WORK ITEM: From the records below, determine the number of lines containing "full". Output that number alone.

+--

(* Let $n\geq 4$ and let $\delta: VT_n\to\mathrm{GL}_{n+1}(\mathbb{C})$ be a homogeneous $3$-local representation of the virtual twin group $VT_n$. Then $\delta$ is reducible.
   Context: The virtual twin group $VT_n$ ($n\geq 2$) has generators $s_1,\dots,s_{n-1},\rho_1,\dots,\rho_{n-1}$ and defining relations: $s_i^2=1$ ($1\le i\le n-1$); $s_is_j=s_js_i$ ($|i-j|\ge2$); $\rho_i\rho_{i+1}\rho_i=\rho_{i+1}\rho_i\rho_{i+1}$ ($1\le i\le n-2$); $\rho_i\rho_j=\rho_j\rho_i$ ($|i-j|\ge2$); $\rho_i^2=1$; $s_i\rho_j=\rho_js_i$ ($|i-j|\ge2$); $\rho_i\rho_{i+1}s_i=s_{i+1}\rho_i\rho_{i+1}$ ($1\le i\le n-2$). A representation $\delta:VT_n\to\mathrm{GL}_{n+1}(\mathbb{C})$ is homogeneous $3$-local if there are fixed $M,N\in\mathrm{GL}_3(\mathbb{C})$ with $\delta(s_i)=\mathrm{diag}(I_{i-1},M,I_{n-i-1})$ and $\delta(\rho_i)=\mathrm{diag}(I_{i-1},N,I_{n-i-1})$ for all $1\le i\le n-1$ (block-diagonal, $I_r$ the $r\times r$ identity). Reducible means there is a subspace $0\neq U\neq\mathbb{C}^{n+1}$ invariant under all $\delta(g)$. *)

From HB Require Import structures.
From mathcomp Require Import all_boot all_order all_algebra.
From mathcomp Require Import complex.
From mathcomp Require Import Rstruct.
Import ComplexField.
Set Implicit Arguments. Unset Strict Implicit. Unset Printing Implicit Defensive.
Import Order.TTheory GRing.Theory Num.Theory.
Local Open Scope ring_scope.

Notation CC := (complex Rdefinitions.R).

(* local_mx n i X : the (n+1)x(n+1) block-diagonal matrix
   diag(I_{i-1}, X, I_{n-i-1}) for 1 <= i <= n-1 (1-based i).
   The 3x3 block occupies the (0-based) rows/columns i-1, i, i+1. *)
Definition local_mx (n i : nat) (X : 'M[CC]_3) : 'M[CC]_(n.+1) :=
  \matrix_(a < n.+1, b < n.+1)
    if (i.-1 <= a < i.+2)%N && (i.-1 <= b < i.+2)%N
    then X (inord (a - i.-1)) (inord (b - i.-1))
    else (a == b)%:R.

(* The defining relations of VT_n hold for the assignment
   s_i |-> local_mx n i M, rho_i |-> local_mx n i N (1 <= i <= n-1);
   i.e. this assignment extends to a homomorphism VT_n -> GL_{n+1}(C). *)
Definition VT_relations (n : nat) (M N : 'M[CC]_3) : Prop :=
  let S i := local_mx n i M in
  let P i := local_mx n i N in
     (forall i, (1 <= i <= n.-1)%N -> S i *m S i = 1%:M) /\
      (forall i j, (1 <= i <= n.-1)%N -> (1 <= j <= n.-1)%N ->
          (i.+2 <= j \/ j.+2 <= i)%N -> S i *m S j = S j *m S i) /\
      (forall i, (1 <= i <= n.-2)%N ->
          P i *m P i.+1 *m P i = P i.+1 *m P i *m P i.+1) /\
      (forall i j, (1 <= i <= n.-1)%N -> (1 <= j <= n.-1)%N ->
          (i.+2 <= j \/ j.+2 <= i)%N -> P i *m P j = P j *m P i) /\
      (forall i, (1 <= i <= n.-1)%N -> P i *m P i = 1%:M) /\
      (forall i j, (1 <= i <= n.-1)%N -> (1 <= j <= n.-1)%N ->
          (i.+2 <= j \/ j.+2 <= i)%N -> S i *m P j = P j *m S i) /\
      (forall i, (1 <= i <= n.-2)%N ->
          P i *m P i.+1 *m S i = S i.+1 *m P i *m P i.+1).

Definition VT_gens (n : nat) (M N : 'M[CC]_3) : seq 'M[CC]_(n.+1) :=
  [seq local_mx n i M | i <- iota 1 n.-1] ++ [seq local_mx n i N | i <- iota 1 n.-1].

(* The subgroup of GL_{m} generated by a list of matrices
   (= the image delta(VT_n) when gens are the generator images). *)
Inductive in_gen_group (m : nat) (gens : seq 'M[CC]_m) : 'M[CC]_m -> Prop :=
  | gen_one : in_gen_group gens 1%:M
  | gen_base : forall A, A \in gens -> in_gen_group gens A
  | gen_mul : forall A B, in_gen_group gens A -> in_gen_group gens B ->
      in_gen_group gens (A *m B)
  | gen_inv : forall A, in_gen_group gens A -> in_gen_group gens (invmx A).

(* A subspace U of C^m (column vectors), represented as the row space of a
   matrix U (so v lies in U iff (v^T <= U)%MS), is invariant under A. *)
Definition invariant_subspace (m : nat) (U : 'M[CC]_m) (A : 'M[CC]_m) : Prop :=
  forall v : 'cV[CC]_m, (v^T <= U)%MS -> ((A *m v)^T <= U)%MS.

Definition reducible (m : nat) (gens : seq 'M[CC]_m) : Prop :=
  exists U : 'M[CC]_m,
    [/\ \rank U != 0%N, \rank U != m &
        forall A, in_gen_group gens A -> invariant_subspace U A].

From HB Require Import structures.
From mathcomp Require Import all_boot all_order all_algebra.
From mathcomp Require Import complex Rstruct zify.
Import ComplexField.
Set Implicit Arguments. Unset Strict Implicit. Unset Printing Implicit Defensive.
Import Order.TTheory GRing.Theory Num.Theory.
Local Open Scope ring_scope.

(* Blocks at positions 1 and 3 overlap in one index, so comparing the entries
   of s_1 s_3 = s_3 s_1 (and of the analogous relations for rho_1, rho_3 and
   the mixed pairs) gives X_02 Y_0c = X_12 Y_0c = 0 for X, Y in {M, N} and
   c in {1, 2} (0-based block indices).  Hence M_02 = N_02 = 0; then either
   M_12 = N_12 = 0, and the last basis vector is a common eigenvector, or
   M_01 = N_01 = 0, and the coordinate hyperplane x_0 = 0 is invariant. *)

Lemma stablemx_invmx (F : fieldType) n (V f : 'M[F]_n) :
  f \in unitmx -> stablemx V f -> stablemx V (invmx f).
Proof.
move=> uf sVf; have /andP[_ sV_Vf] : (V *m f == V)%MS.
  by rewrite -(mxrank_leqif_eq sVf) mxrankMfree ?row_free_unit.
by rewrite -[X in (_ <= X)%MS](mulmxK uf) submxMr.
Qed.

Lemma mulmx_entry_single (F : pzRingType) m n p (A : 'M[F]_(m, n)) (B : 'M_(n, p))
    i j k0 :
  (forall k, k != k0 -> A i k * B k j = 0) -> (A *m B) i j = A i k0 * B k0 j.
Proof. by move=> Ak0; rewrite mxE (bigD1 k0) //= big1 ?addr0. Qed.

Section CoordinateSubspace.

Variables (F : fieldType) (m : nat) (p : pred 'I_m).

Definition coord_subspace : 'M[F]_m := diag_mx (\row_i (p i)%:R).

Lemma stablemx_coord_subspace (G : 'M[F]_m) :
  (forall i j, p i -> ~~ p j -> G i j = 0) -> stablemx coord_subspace G.
Proof.
move=> G0; suff -> : coord_subspace *m G = coord_subspace *m G *m coord_subspace.
  exact: submxMl.
apply/matrixP=> i j; rewrite mul_mx_diag mul_diag_mx !mxE.
by case pi: (p i); case pj: (p j); rewrite ?mul0r ?mulr1 // G0 ?pi ?pj ?mulr0.
Qed.

Lemma mxrank_coord_subspace_neq0 i : p i -> \rank coord_subspace != 0%N.
Proof.
move=> pi; rewrite mxrank_eq0; apply/eqP=> /matrixP /(_ i i).
by rewrite !mxE eqxx pi /= => /eqP; rewrite oner_eq0.
Qed.

Lemma mxrank_coord_subspace_neqn j : ~~ p j -> \rank coord_subspace != m.
Proof.
move=> pj; apply/negP=> /eqP full; have : coord_subspace \in unitmx.
  by rewrite -row_free_unit /row_free full.
by rewrite unitmxE det_diag (bigD1 j) //= mxE (negbTE pj) mul0r unitr0.
Qed.

End CoordinateSubspace.

Lemma stablemx_trmx_invariant m (U A : 'M[CC]_m) :
  stablemx U A^T -> invariant_subspace U A.
Proof. by move=> sUA v vU; rewrite trmx_mul (submx_trans (submxMr _ vU)). Qed.

Lemma in_gen_group_stable m (gens : seq 'M[CC]_m) (U : 'M[CC]_m) :
  {in gens, forall G, G \in unitmx /\ stablemx U G^T} ->
  forall A, in_gen_group gens A -> A \in unitmx /\ stablemx U A^T.
Proof.
move=> sgens A; elim=> {A} [| | A B _ [uA sA] _ [uB sB] | A _ [uA sA]].
- by rewrite unitmx1 trmx1 stablemxC.
- exact: sgens.
- by rewrite unitmx_mul uA uB trmx_mul stablemxM.
- by rewrite unitmx_inv uA trmx_inv stablemx_invmx ?unitmx_tr.
Qed.

Lemma reducible_coord_subspace m (gens : seq 'M[CC]_m) (p : pred 'I_m) i j :
  p i -> ~~ p j -> {in gens, forall G, G \in unitmx} ->
  {in gens, forall (G : 'M_m) a b, p a -> ~~ p b -> G b a = 0} ->
  reducible gens.
Proof.
move=> pi pj ugens G0; exists (coord_subspace CC p); split.
- exact: mxrank_coord_subspace_neq0 pi.
- exact: mxrank_coord_subspace_neqn pj.
move=> A gA; apply/stablemx_trmx_invariant/(in_gen_group_stable _ gA).2 => G hG.
split; first exact: ugens.
by apply: stablemx_coord_subspace => a b pa pb; rewrite mxE G0.
Qed.

Section LocalMatrices.

Variables (n i : nat) (X : 'M[CC]_3).

Lemma local_mx_id_row (a b : 'I_n.+1) :
  ~~ (i.-1 <= a < i.+2)%N -> local_mx n i X a b = (a == b)%:R.
Proof. by move=> a_out; rewrite mxE (negbTE a_out). Qed.

Lemma local_mx_id_col (a b : 'I_n.+1) :
  ~~ (i.-1 <= b < i.+2)%N -> local_mx n i X a b = (a == b)%:R.
Proof. by move=> b_out; rewrite mxE (negbTE b_out) andbF. Qed.

Lemma local_mx_block (a b : 'I_n.+1) :
  (i.-1 <= a < i.+2)%N -> (i.-1 <= b < i.+2)%N ->
  local_mx n i X a b = X (inord (a - i.-1)) (inord (b - i.-1)).
Proof. by move=> a_in b_in; rewrite mxE a_in b_in. Qed.

Lemma local_mx_first_row (j : 'I_n.+1) :
  (0 < i)%N -> X (inord 0) (inord 1) = 0 -> X (inord 0) (inord 2) = 0 ->
  j != ord0 -> local_mx n i X ord0 j = 0.
Proof.
move=> i_gt0 X01 X02 j_neq0.
have j_gt0 : (0 < j)%N.
  by rewrite lt0n; apply: contra j_neq0 => /eqP j0; apply/eqP/val_inj.
have [j_in | j_out] := boolP (i.-1 <= j < i.+2)%N; last first.
  by rewrite local_mx_id_col // eq_sym (negbTE j_neq0).
have [i1 | i_ge2] : i = 1%N \/ (2 <= i)%N by lia.
  rewrite local_mx_block //; last by rewrite i1.
  rewrite i1 /=.
  by have [-> | ->] : j = 1%N :> nat \/ j = 2%N :> nat by lia.
rewrite local_mx_id_row; last by apply/negP => /=; lia.
by rewrite eq_sym (negbTE j_neq0).
Qed.

Lemma local_mx_last_column (j : 'I_n.+1) :
  (0 < i < n)%N -> X (inord 0) (inord 2) = 0 -> X (inord 1) (inord 2) = 0 ->
  j != ord_max -> local_mx n i X j ord_max = 0.
Proof.
move=> i_bound X02 X12 j_neq_max.
have j_lt : (j < n)%N.
  rewrite ltn_neqAle -ltnS ltn_ord andbT.
  by apply: contra j_neq_max => /eqP jn; apply/eqP/val_inj.
have [i_lt | i_last] : (i.+2 <= n)%N \/ i = n.-1 by lia.
  rewrite local_mx_id_col; last by apply/negP => /=; lia.
  by rewrite (negbTE j_neq_max).
have [j_in | j_out] := boolP (i.-1 <= j < i.+2)%N.
  rewrite local_mx_block /=; [|by []|lia].
  have -> : (n - i.-1 = 2)%N by lia.
  by have [-> | ->] : (j - i.-1 = 0)%N \/ (j - i.-1 = 1)%N by lia.
by rewrite local_mx_id_row // (negbTE j_neq_max).
Qed.

End LocalMatrices.

Section OverlappingBlocks.

Variables (n i : nat) (A B : 'M[CC]_3) (a c : nat).
Hypotheses (i_bound : (i.+4 <= n)%N) (a_lt2 : (a < 2)%N) (c_bound : (0 < c < 3)%N).

Let row : 'I_n.+1 := inord (i + a)%N.
Let col : 'I_n.+1 := inord (i + c.+2)%N.

Let rowE : row = (i + a)%N :> nat. Proof. by rewrite inordK //; lia. Qed.
Let colE : col = (i + c.+2)%N :> nat. Proof. by rewrite inordK //; lia. Qed.

Lemma local_mx_overlap_mul :
  (local_mx n i.+1 A *m local_mx n i.+3 B) row col =
    A (inord a) (inord 2) * B (inord 0) (inord c).
Proof.
rewrite (mulmx_entry_single (k0 := inord (i + 2)%N)); last first.
  move=> k k_neq; have {}k_neq : k != (i + 2)%N :> nat.
    by apply: contra k_neq => /eqP ki; apply/eqP/val_inj; rewrite /= inordK //; lia.
  have [k_lt | k_gt] : (k < i + 2)%N \/ (i + 2 < k)%N by lia.
    rewrite [local_mx _ i.+3 _ _ _]local_mx_id_row; last by apply/negP => /=; lia.
    by rewrite -val_eqE /= colE ltn_eqF ?mulr0 //; lia.
  rewrite [local_mx _ i.+1 _ _ _]local_mx_id_col; last by apply/negP => /=; lia.
  by rewrite -val_eqE /= rowE ltn_eqF ?mul0r //; lia.
rewrite !local_mx_block /= ?rowE ?colE ?inordK; try lia.
have -> : (i + 2 - i.+2 = 0)%N by lia.
have -> : (i + c.+2 - i.+2 = c)%N by lia.
by rewrite !addKn.
Qed.

Lemma local_mx_overlap_mul_rev :
  (local_mx n i.+3 B *m local_mx n i.+1 A) row col = 0.
Proof.
have row_out : ~~ (i.+3.-1 <= row < i.+3.+2)%N by rewrite rowE; apply/negP; lia.
rewrite (mulmx_entry_single (k0 := row)); last first.
  by move=> k k_neq; rewrite local_mx_id_row // eq_sym (negbTE k_neq) mul0r.
rewrite [local_mx _ i.+1 _ _ _]local_mx_id_col; last by rewrite colE; apply/negP; lia.
by rewrite -val_eqE /= rowE colE ltn_eqF ?mulr0 //; lia.
Qed.

Lemma commuting_local_mx_overlap :
  local_mx n i.+1 A *m local_mx n i.+3 B = local_mx n i.+3 B *m local_mx n i.+1 A ->
  A (inord a) (inord 2) * B (inord 0) (inord c) = 0.
Proof. by move=> AB; rewrite -local_mx_overlap_mul AB local_mx_overlap_mul_rev. Qed.

End OverlappingBlocks.

Section VirtualTwinRepresentation.

Variables (n : nat) (M N : 'M[CC]_3).

Lemma forall_in_VT_gens (Q : 'M[CC]_n.+1 -> Prop) :
  (forall i, (1 <= i <= n.-1)%N -> Q (local_mx n i M) /\ Q (local_mx n i N)) ->
  {in VT_gens n M N, forall G, Q G}.
Proof.
move=> QMN G; rewrite mem_cat; case/orP=> G_gen.
  have [i + ->] := mapP G_gen; rewrite mem_iota => i_bound.
  by apply: (QMN i _).1; lia.
have [i + ->] := mapP G_gen; rewrite mem_iota => i_bound.
by apply: (QMN i _).2; lia.
Qed.

Hypothesis rels : VT_relations n M N.

Lemma VT_gens_unit : {in VT_gens n M N, forall G, G \in unitmx}.
Proof.
case: rels => S2 [_ [_ [_ [P2 _]]]]; apply: forall_in_VT_gens => i i_bound.
by split; [exact: (mulmx1_unit (S2 i i_bound)).1 | exact: (mulmx1_unit (P2 i i_bound)).1].
Qed.

Lemma VT_commute_overlap X Y : (4 <= n)%N -> X \in [:: M; N] -> Y \in [:: M; N] ->
  local_mx n 1 X *m local_mx n 3 Y = local_mx n 3 Y *m local_mx n 1 X.
Proof.
case: rels => _ [Sc [_ [Pc [_ [SPc _]]]]] n_ge4.
have i1 : (1 <= 1 <= n.-1)%N by lia.
have i3 : (1 <= 3 <= n.-1)%N by lia.
have far : (1.+2 <= 3 \/ 3.+2 <= 1)%N by left.
rewrite !inE => /orP[] /eqP-> /orP[] /eqP->.
- exact: Sc.
- exact: SPc.
- by rewrite (SPc 3 1) //; right.
- exact: Pc.
Qed.

Lemma VT_reducible_last_column : (0 < n)%N ->
  M (inord 0) (inord 2) = 0 -> M (inord 1) (inord 2) = 0 ->
  N (inord 0) (inord 2) = 0 -> N (inord 1) (inord 2) = 0 ->
  reducible (VT_gens n M N).
Proof.
move=> n_gt0 M02 M12 N02 N12.
apply: (reducible_coord_subspace (p := pred1 ord_max) (i := ord_max) (j := ord0)).
- exact: eqxx.
- by rewrite /= -val_eqE /=; lia.
- exact: VT_gens_unit.
apply: forall_in_VT_gens => i i_bound.
by split=> a b /eqP-> b_neq; apply: local_mx_last_column => //; lia.
Qed.

Lemma VT_reducible_first_row : (0 < n)%N ->
  M (inord 0) (inord 1) = 0 -> M (inord 0) (inord 2) = 0 ->
  N (inord 0) (inord 1) = 0 -> N (inord 0) (inord 2) = 0 ->
  reducible (VT_gens n M N).
Proof.
move=> n_gt0 M01 M02 N01 N02.
apply: (reducible_coord_subspace (p := predC1 ord0) (i := ord_max) (j := ord0)).
- by rewrite /= -val_eqE /=; lia.
- by [].
- exact: VT_gens_unit.
apply: forall_in_VT_gens => i i_bound.
by split=> a b a_neq0 /negPn/eqP->; apply: local_mx_first_row => //; case/andP: i_bound.
Qed.

End VirtualTwinRepresentation.

Theorem theorem4p3 (n : nat) (M N : 'M[CC]_3) :
  (4 <= n)%N ->
  M \in unitmx -> N \in unitmx ->
  VT_relations n M N ->
  reducible (VT_gens n M N).
Proof.
move=> n_ge4 _ _ rels.
(* M, N are invertible anyway: s_i^2 = rho_i^2 = 1. *)
have M_gen : M \in [:: M; N] by rewrite mem_head.
have N_gen : N \in [:: M; N] by rewrite !inE eqxx orbT.
have corner X Y a c : X \in [:: M; N] -> Y \in [:: M; N] -> (a < 2)%N -> (0 < c < 3)%N ->
    X (inord a) (inord 2) * Y (inord 0) (inord c) = 0.
  move=> X_gen Y_gen a_lt2 c_bound.
  exact: (commuting_local_mx_overlap n_ge4 a_lt2 c_bound
            (VT_commute_overlap rels n_ge4 X_gen Y_gen)).
have corner02 X : X \in [:: M; N] -> X (inord 0) (inord 2) = 0.
  move=> X_gen; have /eqP := corner X X 0%N 2%N X_gen X_gen isT isT.
  by rewrite mulf_eq0 orbb => /eqP.
have [/andP[/eqP M12 /eqP N12] | ] :=
  boolP ((M (inord 1) (inord 2) == 0) && (N (inord 1) (inord 2) == 0)).
  by apply: VT_reducible_last_column; rewrite ?corner02 //; lia.
rewrite negb_and => /orP X12_neq0.
have [X X_gen X12] : exists2 X, X \in [:: M; N] & X (inord 1) (inord 2) != 0.
  by case: X12_neq0; [exists M | exists N].
have corner01 Y : Y \in [:: M; N] -> Y (inord 0) (inord 1) = 0.
  move=> Y_gen; have /eqP := corner X Y 1%N 1%N X_gen Y_gen isT isT.
  by rewrite mulf_eq0 (negbTE X12) => /eqP.
by apply: VT_reducible_first_row; rewrite ?corner01 ?corner02 //; lia.
Qed.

+--

RESPONSE: 2